Determination is a very important trait (2) to develop when trying to resolve worry. You must be determined that you will put the concern behind you by doing all you can to alleviate the situation. Become determined to follow through, and ensure you don’t slack off. If you don’t take action, nothing will be accomplished, nothing will change, and the concern will consume you.

Conclusion

I hope this article was able to help you to discover the steps to take to resolve your worry. Worrying about things will only make your life more complicated and miserable, which can in turn increase your worry. It leads to a vicious cycle that is difficult to break on your own. Learning these strategies is the first step to reclaiming your positive attitude and your life.

The next step is to start using these strategies right away. If you find that you’re not able to resolve these strategies on your own you may want to locate a therapist that can help you develop these skills and learn other tools that may help you. Sometimes therapy is important for learning to let go of worry.

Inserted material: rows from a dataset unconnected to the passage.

(* Let $\prec$ be an exchangeable random total order on $\mathbb{I}_0=\{a_1,b_1,a_2,b_2,\dots\}$ and let $d$ be the associated function defined below. If $x,y \in \mathbb{I}_0$ with $x \ne y$, then $d(x,y) > 0$ almost surely. Therefore almost surely $d$ is a metric on $\mathbb{I}_0$.
   Context: $\mathbb{I}_0 := \bigcup_{n\in\mathbb{N}}\{a_n,b_n\}$ (all symbols distinct). A random total order $\prec$ on $\mathbb{I}_0$ is a map from the probability space to total orders on $\mathbb{I}_0$ such that $\mathbf{1}\{x\prec y\}$ is a random variable for all $x,y$. It is exchangeable if for every $n\in\mathbb{N}$ and all permutations $\sigma,\tau$ of $\{1,\dots,n\}$ the induced order $\prec^n$ on $\bigcup_{k=1}^n\{a_k,b_k\}$ has the same distribution as $\prec^n_{\sigma,\tau}$, defined by: $a_{\sigma(i)}\prec^n_{\sigma,\tau}b_{\tau(j)}$ iff $a_i\prec^n b_j$; $b_{\tau(i)}\prec^n_{\sigma,\tau}a_{\sigma(j)}$ iff $b_i\prec^n a_j$; $a_{\sigma(i)}\prec^n_{\sigma,\tau}a_{\sigma(j)}$ iff $a_i\prec^n a_j$; $b_{\tau(i)}\prec^n_{\sigma,\tau}b_{\tau(j)}$ iff $b_i\prec^n b_j$. Define $d:\mathbb{I}_0\times\mathbb{I}_0\to[0,1]$ by $d(x,x)=0$, $d(x,y)=d(y,x)$, and for $x\prec y$: \[ d(x,y) := \limsup_{n\to\infty}\frac{1}{2n}\#\{1\le k\le n: x\prec a_k\prec y\} + \limsup_{n\to\infty}\frac{1}{2n}\#\{1\le \ell\le n: x\prec b_\ell\prec y\}. \] *)

From HB Require Import structures.
From mathcomp Require Import all_boot all_order all_algebra all_fingroup.
From mathcomp Require Import all_classical all_reals all_analysis.
Set Implicit Arguments. Unset Strict Implicit. Unset Printing Implicit Defensive.
Import Order.TTheory GRing.Theory Num.Theory.
Local Open Scope classical_set_scope.
Local Open Scope ring_scope.

(* I_0 = { a_k, b_k : k in N }.  An element is (c, k) with c = false for a_k
   and c = true for b_k.  Indices are 0-based: a_0, a_1, ... *)
Definition I0 := (bool * nat)%type.
Definition a_ (k : nat) : I0 := (false, k).
Definition b_ (k : nat) : I0 := (true, k).

Definition strict_total_order (r : I0 -> I0 -> bool) : Prop :=
  (forall x, ~~ r x x) /\
  (forall x y z, r x y -> r y z -> r x z) /\
  (forall x y, x <> y -> r x y \/ r y x).

Definition random_total_order d (T : measurableType d)
    (ord : T -> I0 -> I0 -> bool) : Prop :=
  (forall w, strict_total_order (ord w)) /\
  (forall x y, measurable [set w | ord w x y]).

Definition embI n (u : bool * 'I_n) : I0 := (u.1, nat_of_ord u.2).

Definition relabel n (s t : 'S_n) (u : bool * 'I_n) : bool * 'I_n :=
  (u.1, if u.1 then t u.2 else s u.2).

Definition induced_order n (r : I0 -> I0 -> bool) : bool * 'I_n -> bool * 'I_n -> bool :=
  fun u v => r (embI u) (embI v).

(* The order ≺^n_{σ,τ}: relabel(u) ≺_{σ,τ} relabel(v) iff u ≺^n v. *)
Definition permuted_order n (s t : 'S_n) (r : I0 -> I0 -> bool)
    : bool * 'I_n -> bool * 'I_n -> bool :=
  fun u v => @induced_order n r (relabel (s^-1)%g (t^-1)%g u) (relabel (s^-1)%g (t^-1)%g v).

Definition exchangeable d (T : measurableType d) (R : realType)
    (P : probability T R) (ord : T -> I0 -> I0 -> bool) : Prop :=
  forall (n : nat) (s t : 'S_n) (A : set (bool * 'I_n -> bool * 'I_n -> bool)),
    P [set w | A (@induced_order n (ord w))] =
    P [set w | A (permuted_order s t (ord w))].

(* #{ 1 <= k <= n : x ≺ a_k ≺ y } with 0-based indexing: k < n. *)
Definition count_between (r : I0 -> I0 -> bool) (c : bool) (x y : I0) (n : nat) : nat :=
  #|[set k : 'I_n | r x (c, nat_of_ord k) && r (c, nat_of_ord k) y]|.

(* limsup_n (1/(2n)) #{...}; the sequence is indexed from n = 1 (shift by one). *)
Definition half_density (R : realType) (r : I0 -> I0 -> bool) (c : bool) (x y : I0) : R :=
  limn_sup (fun n : nat => (count_between r c x y n.+1)%:R / (2 * (n.+1)%:R) : R).

Definition dist_ord (R : realType) (r : I0 -> I0 -> bool) (x y : I0) : R :=
  half_density R r false x y + half_density R r true x y.

Definition dfun (R : realType) (r : I0 -> I0 -> bool) (x y : I0) : R :=
  if x == y then 0 else if r x y then dist_ord R r x y else dist_ord R r y x.

Definition is_metric (R : realType) (dd : I0 -> I0 -> R) : Prop :=
  (forall x y, 0 <= dd x y) /\
  (forall x y, dd x y = 0 <-> x = y) /\
  (forall x y, dd x y = dd y x) /\
  (forall x y z, dd x z <= dd x y + dd y z).

From HB Require Import structures.
From mathcomp Require Import all_boot all_order all_algebra all_fingroup.
From mathcomp Require Import all_classical all_reals all_analysis.
From mathcomp Require Import measurable_realfun lra zify.
Import Order.TTheory GRing.Theory Num.Theory.

Set Implicit Arguments. Unset Strict Implicit. Unset Printing Implicit Defensive.

(* For every total order, d(x, y) is the sum over the two colours of the upper
   density of the points of that colour lying between x and y; these densities
   are symmetric and subadditive, so d is a pseudometric and only d(x, y) > 0 is
   probabilistic.  Let x = a_i (or b_i) and fix m.  In a total order at most
   2(m+1) points a_k have at most m points a_l between them and y, whereas by
   exchangeability each of the n - 1 points a_k other than y is equally likely
   to be one of them.  Hence, for large n, with probability at most 5/(K+1),
   fewer than 2(n+1)/(K+1) of the points a_l with l <= n lie between x and y;
   so for every K the event that this holds for all large n has probability
   at most 5/(K+1), and d(x, y) = 0 is a null event. *)

Definition betweenb (r : rel I0) (p q z : I0) : bool :=
  (r p z && r z q) || (r q z && r z p).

If you have very high anxiety as a result of your extreme worry habits, you may additionally need to seek the help of a psychologist who can prescribe medicine for your anxiety. Once you have succeeded in controlling your worry with the help of the therapist you can stop taking the medicine. You can even use aromatherapy and massage techniques to alleviate anxiety.

In addition, you may want to practice problem solving skills with small things so that when you need them you’ll have the ability to use them effortlessly. Get yourself used to making definitive decisions on even the smallest things so that when it comes time to make a very important decision you can do so without worrying about the outcome.